[[ STORED DATA, beginning ]]

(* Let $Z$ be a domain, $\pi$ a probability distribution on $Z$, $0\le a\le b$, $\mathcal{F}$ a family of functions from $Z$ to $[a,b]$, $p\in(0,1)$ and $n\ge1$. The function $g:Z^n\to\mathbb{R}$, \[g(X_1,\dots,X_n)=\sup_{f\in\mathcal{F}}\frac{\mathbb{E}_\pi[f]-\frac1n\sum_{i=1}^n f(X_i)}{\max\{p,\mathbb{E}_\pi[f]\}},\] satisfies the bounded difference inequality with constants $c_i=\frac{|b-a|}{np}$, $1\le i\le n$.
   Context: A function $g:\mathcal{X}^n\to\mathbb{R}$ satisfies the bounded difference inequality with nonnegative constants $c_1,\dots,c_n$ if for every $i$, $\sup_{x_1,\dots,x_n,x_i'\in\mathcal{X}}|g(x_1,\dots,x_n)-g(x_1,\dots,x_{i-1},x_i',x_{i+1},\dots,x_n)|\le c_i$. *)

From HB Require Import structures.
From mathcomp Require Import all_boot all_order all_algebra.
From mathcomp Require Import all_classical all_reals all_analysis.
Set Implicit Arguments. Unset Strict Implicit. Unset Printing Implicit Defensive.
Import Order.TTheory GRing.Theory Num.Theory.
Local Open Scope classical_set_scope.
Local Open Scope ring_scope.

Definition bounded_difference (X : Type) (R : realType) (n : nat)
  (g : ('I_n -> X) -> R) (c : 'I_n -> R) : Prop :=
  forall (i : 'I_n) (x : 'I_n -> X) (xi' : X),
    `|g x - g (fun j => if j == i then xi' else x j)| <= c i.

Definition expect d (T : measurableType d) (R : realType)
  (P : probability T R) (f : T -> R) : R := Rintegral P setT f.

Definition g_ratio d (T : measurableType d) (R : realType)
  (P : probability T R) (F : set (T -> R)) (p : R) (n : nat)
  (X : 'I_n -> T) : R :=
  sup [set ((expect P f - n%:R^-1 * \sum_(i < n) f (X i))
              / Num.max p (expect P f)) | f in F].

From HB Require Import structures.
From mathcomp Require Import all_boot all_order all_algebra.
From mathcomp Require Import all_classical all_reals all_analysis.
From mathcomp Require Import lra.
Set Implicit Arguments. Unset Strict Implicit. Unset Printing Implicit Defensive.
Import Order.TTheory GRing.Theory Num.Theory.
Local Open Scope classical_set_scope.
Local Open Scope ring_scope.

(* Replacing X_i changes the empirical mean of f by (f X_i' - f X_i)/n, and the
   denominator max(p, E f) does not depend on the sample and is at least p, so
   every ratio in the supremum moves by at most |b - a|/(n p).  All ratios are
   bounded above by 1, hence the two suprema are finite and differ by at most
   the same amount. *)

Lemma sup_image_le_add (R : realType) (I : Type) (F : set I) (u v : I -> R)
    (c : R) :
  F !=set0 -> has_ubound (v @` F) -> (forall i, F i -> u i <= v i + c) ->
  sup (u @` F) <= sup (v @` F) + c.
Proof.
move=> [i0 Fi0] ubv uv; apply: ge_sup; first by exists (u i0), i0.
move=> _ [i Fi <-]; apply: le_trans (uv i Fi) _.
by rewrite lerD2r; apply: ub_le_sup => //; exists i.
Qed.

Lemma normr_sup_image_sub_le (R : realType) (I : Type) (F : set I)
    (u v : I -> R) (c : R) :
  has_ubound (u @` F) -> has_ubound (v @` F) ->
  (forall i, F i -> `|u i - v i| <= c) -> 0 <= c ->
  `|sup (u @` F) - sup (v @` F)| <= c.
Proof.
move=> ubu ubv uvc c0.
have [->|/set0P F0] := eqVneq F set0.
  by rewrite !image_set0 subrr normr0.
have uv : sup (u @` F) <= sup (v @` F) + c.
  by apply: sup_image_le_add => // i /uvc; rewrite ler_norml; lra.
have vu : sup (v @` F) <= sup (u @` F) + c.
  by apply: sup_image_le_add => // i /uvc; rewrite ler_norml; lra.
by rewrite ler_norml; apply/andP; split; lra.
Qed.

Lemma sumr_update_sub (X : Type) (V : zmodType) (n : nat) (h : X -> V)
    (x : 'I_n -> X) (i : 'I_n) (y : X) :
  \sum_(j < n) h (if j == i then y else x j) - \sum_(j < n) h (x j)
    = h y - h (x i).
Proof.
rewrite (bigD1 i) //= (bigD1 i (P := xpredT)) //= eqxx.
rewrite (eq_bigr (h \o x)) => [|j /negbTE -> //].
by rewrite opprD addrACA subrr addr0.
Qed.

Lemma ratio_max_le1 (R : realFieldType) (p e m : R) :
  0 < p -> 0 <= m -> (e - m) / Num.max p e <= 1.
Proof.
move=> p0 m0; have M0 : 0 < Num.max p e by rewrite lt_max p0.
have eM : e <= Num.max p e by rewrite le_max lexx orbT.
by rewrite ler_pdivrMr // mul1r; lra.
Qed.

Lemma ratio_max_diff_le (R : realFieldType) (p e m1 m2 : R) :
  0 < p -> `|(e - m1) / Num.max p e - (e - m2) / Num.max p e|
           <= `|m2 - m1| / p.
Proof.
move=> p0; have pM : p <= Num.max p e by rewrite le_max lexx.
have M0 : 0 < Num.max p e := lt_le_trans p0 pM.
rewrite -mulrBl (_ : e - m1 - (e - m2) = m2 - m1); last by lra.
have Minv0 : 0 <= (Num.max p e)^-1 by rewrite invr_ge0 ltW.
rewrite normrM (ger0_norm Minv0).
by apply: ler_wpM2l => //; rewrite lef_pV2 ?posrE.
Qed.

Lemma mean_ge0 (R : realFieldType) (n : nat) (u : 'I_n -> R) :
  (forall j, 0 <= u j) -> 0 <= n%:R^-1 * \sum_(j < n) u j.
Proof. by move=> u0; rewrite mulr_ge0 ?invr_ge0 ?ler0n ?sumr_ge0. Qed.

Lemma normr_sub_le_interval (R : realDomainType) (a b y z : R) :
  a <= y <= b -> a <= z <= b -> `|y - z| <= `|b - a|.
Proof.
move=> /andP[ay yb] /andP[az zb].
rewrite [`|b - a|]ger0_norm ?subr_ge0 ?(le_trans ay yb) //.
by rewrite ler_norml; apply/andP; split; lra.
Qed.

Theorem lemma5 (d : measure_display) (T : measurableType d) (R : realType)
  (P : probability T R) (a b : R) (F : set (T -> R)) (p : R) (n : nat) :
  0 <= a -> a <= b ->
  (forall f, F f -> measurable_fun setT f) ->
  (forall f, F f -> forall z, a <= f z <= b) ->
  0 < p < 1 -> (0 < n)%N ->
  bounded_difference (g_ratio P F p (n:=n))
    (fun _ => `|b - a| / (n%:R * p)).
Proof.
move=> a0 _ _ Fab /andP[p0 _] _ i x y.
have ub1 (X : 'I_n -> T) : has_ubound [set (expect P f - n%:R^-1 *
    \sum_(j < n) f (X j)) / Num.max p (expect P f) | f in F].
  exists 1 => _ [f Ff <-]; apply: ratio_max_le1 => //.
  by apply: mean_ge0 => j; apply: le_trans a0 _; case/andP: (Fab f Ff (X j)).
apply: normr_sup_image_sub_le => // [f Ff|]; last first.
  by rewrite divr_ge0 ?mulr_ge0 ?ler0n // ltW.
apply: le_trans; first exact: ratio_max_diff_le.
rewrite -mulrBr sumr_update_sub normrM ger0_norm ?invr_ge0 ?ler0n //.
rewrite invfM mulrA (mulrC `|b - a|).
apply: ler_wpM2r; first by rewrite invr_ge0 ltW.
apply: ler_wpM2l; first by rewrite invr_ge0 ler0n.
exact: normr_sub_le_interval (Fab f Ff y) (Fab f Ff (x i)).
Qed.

[[ STORED DATA, end ]]

Exactly as written above, please repeat the entries.

(* Let $Z$ be a domain, $\pi$ a probability distribution on $Z$, $0\le a\le b$, $\mathcal{F}$ a family of functions from $Z$ to $[a,b]$, $p\in(0,1)$ and $n\ge1$. The function $g:Z^n\to\mathbb{R}$, \[g(X_1,\dots,X_n)=\sup_{f\in\mathcal{F}}\frac{\mathbb{E}_\pi[f]-\frac1n\sum_{i=1}^n f(X_i)}{\max\{p,\mathbb{E}_\pi[f]\}},\] satisfies the bounded difference inequality with constants $c_i=\frac{|b-a|}{np}$, $1\le i\le n$.
   Context: A function $g:\mathcal{X}^n\to\mathbb{R}$ satisfies the bounded difference inequality with nonnegative constants $c_1,\dots,c_n$ if for every $i$, $\sup_{x_1,\dots,x_n,x_i'\in\mathcal{X}}|g(x_1,\dots,x_n)-g(x_1,\dots,x_{i-1},x_i',x_{i+1},\dots,x_n)|\le c_i$. *)

From HB Require Import structures.
From mathcomp Require Import all_boot all_order all_algebra.
From mathcomp Require Import all_classical all_reals all_analysis.
Set Implicit Arguments. Unset Strict Implicit. Unset Printing Implicit Defensive.
Import Order.TTheory GRing.Theory Num.Theory.
Local Open Scope classical_set_scope.
Local Open Scope ring_scope.

Definition bounded_difference (X : Type) (R : realType) (n : nat)
  (g : ('I_n -> X) -> R) (c : 'I_n -> R) : Prop :=
  forall (i : 'I_n) (x : 'I_n -> X) (xi' : X),
    `|g x - g (fun j => if j == i then xi' else x j)| <= c i.

Definition expect d (T : measurableType d) (R : realType)
  (P : probability T R) (f : T -> R) : R := Rintegral P setT f.

Definition g_ratio d (T : measurableType d) (R : realType)
  (P : probability T R) (F : set (T -> R)) (p : R) (n : nat)
  (X : 'I_n -> T) : R :=
  sup [set ((expect P f - n%:R^-1 * \sum_(i < n) f (X i))
              / Num.max p (expect P f)) | f in F].

From HB Require Import structures.
From mathcomp Require Import all_boot all_order all_algebra.
From mathcomp Require Import all_classical all_reals all_analysis.
From mathcomp Require Import lra.
Set Implicit Arguments. Unset Strict Implicit. Unset Printing Implicit Defensive.
Import Order.TTheory GRing.Theory Num.Theory.
Local Open Scope classical_set_scope.
Local Open Scope ring_scope.

(* Replacing X_i changes the empirical mean of f by (f X_i' - f X_i)/n, and the
   denominator max(p, E f) does not depend on the sample and is at least p, so
   every ratio in the supremum moves by at most |b - a|/(n p).  All ratios are
   bounded above by 1, hence the two suprema are finite and differ by at most
   the same amount. *)

Lemma sup_image_le_add (R : realType) (I : Type) (F : set I) (u v : I -> R)
    (c : R) :
  F !=set0 -> has_ubound (v @` F) -> (forall i, F i -> u i <= v i + c) ->
  sup (u @` F) <= sup (v @` F) + c.
Proof.
move=> [i0 Fi0] ubv uv; apply: ge_sup; first by exists (u i0), i0.
move=> _ [i Fi <-]; apply: le_trans (uv i Fi) _.
by rewrite lerD2r; apply: ub_le_sup => //; exists i.
Qed.

Lemma normr_sup_image_sub_le (R : realType) (I : Type) (F : set I)
    (u v : I -> R) (c : R) :
  has_ubound (u @` F) -> has_ubound (v @` F) ->
  (forall i, F i -> `|u i - v i| <= c) -> 0 <= c ->
  `|sup (u @` F) - sup (v @` F)| <= c.
Proof.
move=> ubu ubv uvc c0.
have [->|/set0P F0] := eqVneq F set0.
  by rewrite !image_set0 subrr normr0.
have uv : sup (u @` F) <= sup (v @` F) + c.
  by apply: sup_image_le_add => // i /uvc; rewrite ler_norml; lra.
have vu : sup (v @` F) <= sup (u @` F) + c.
  by apply: sup_image_le_add => // i /uvc; rewrite ler_norml; lra.
by rewrite ler_norml; apply/andP; split; lra.
Qed.

Lemma sumr_update_sub (X : Type) (V : zmodType) (n : nat) (h : X -> V)
    (x : 'I_n -> X) (i : 'I_n) (y : X) :
  \sum_(j < n) h (if j == i then y else x j) - \sum_(j < n) h (x j)
    = h y - h (x i).
Proof.
rewrite (bigD1 i) //= (bigD1 i (P := xpredT)) //= eqxx.
rewrite (eq_bigr (h \o x)) => [|j /negbTE -> //].
by rewrite opprD addrACA subrr addr0.
Qed.

Lemma ratio_max_le1 (R : realFieldType) (p e m : R) :
  0 < p -> 0 <= m -> (e - m) / Num.max p e <= 1.
Proof.
move=> p0 m0; have M0 : 0 < Num.max p e by rewrite lt_max p0.
have eM : e <= Num.max p e by rewrite le_max lexx orbT.
by rewrite ler_pdivrMr // mul1r; lra.
Qed.

Lemma ratio_max_diff_le (R : realFieldType) (p e m1 m2 : R) :
  0 < p -> `|(e - m1) / Num.max p e - (e - m2) / Num.max p e|
           <= `|m2 - m1| / p.
Proof.
move=> p0; have pM : p <= Num.max p e by rewrite le_max lexx.
have M0 : 0 < Num.max p e := lt_le_trans p0 pM.
rewrite -mulrBl (_ : e - m1 - (e - m2) = m2 - m1); last by lra.
have Minv0 : 0 <= (Num.max p e)^-1 by rewrite invr_ge0 ltW.
rewrite normrM (ger0_norm Minv0).
by apply: ler_wpM2l => //; rewrite lef_pV2 ?posrE.
Qed.

Lemma mean_ge0 (R : realFieldType) (n : nat) (u : 'I_n -> R) :
  (forall j, 0 <= u j) -> 0 <= n%:R^-1 * \sum_(j < n) u j.
Proof. by move=> u0; rewrite mulr_ge0 ?invr_ge0 ?ler0n ?sumr_ge0. Qed.

Lemma normr_sub_le_interval (R : realDomainType) (a b y z : R) :
  a <= y <= b -> a <= z <= b -> `|y - z| <= `|b - a|.
Proof.
move=> /andP[ay yb] /andP[az zb].
rewrite [`|b - a|]ger0_norm ?subr_ge0 ?(le_trans ay yb) //.
by rewrite ler_norml; apply/andP; split; lra.
Qed.

Theorem lemma5 (d : measure_display) (T : measurableType d) (R : realType)
  (P : probability T R) (a b : R) (F : set (T -> R)) (p : R) (n : nat) :
  0 <= a -> a <= b ->
  (forall f, F f -> measurable_fun setT f) ->
  (forall f, F f -> forall z, a <= f z <= b) ->
  0 < p < 1 -> (0 < n)%N ->
  bounded_difference (g_ratio P F p (n:=n))
    (fun _ => `|b - a| / (n%:R * p)).
Proof.
move=> a0 _ _ Fab /andP[p0 _] _ i x y.
have ub1 (X : 'I_n -> T) : has_ubound [set (expect P f - n%:R^-1 *
    \sum_(j < n) f (X j)) / Num.max p (expect P f) | f in F].
  exists 1 => _ [f Ff <-]; apply: ratio_max_le1 => //.
  by apply: mean_ge0 => j; apply: le_trans a0 _; case/andP: (Fab f Ff (X j)).
apply: normr_sup_image_sub_le => // [f Ff|]; last first.
  by rewrite divr_ge0 ?mulr_ge0 ?ler0n // ltW.
apply: le_trans; first exact: ratio_max_diff_le.
rewrite -mulrBr sumr_update_sub normrM ger0_norm ?invr_ge0 ?ler0n //.
rewrite invfM mulrA (mulrC `|b - a|).
apply: ler_wpM2r; first by rewrite invr_ge0 ltW.
apply: ler_wpM2l; first by rewrite invr_ge0 ler0n.
exact: normr_sub_le_interval (Fab f Ff y) (Fab f Ff (x i)).
Qed.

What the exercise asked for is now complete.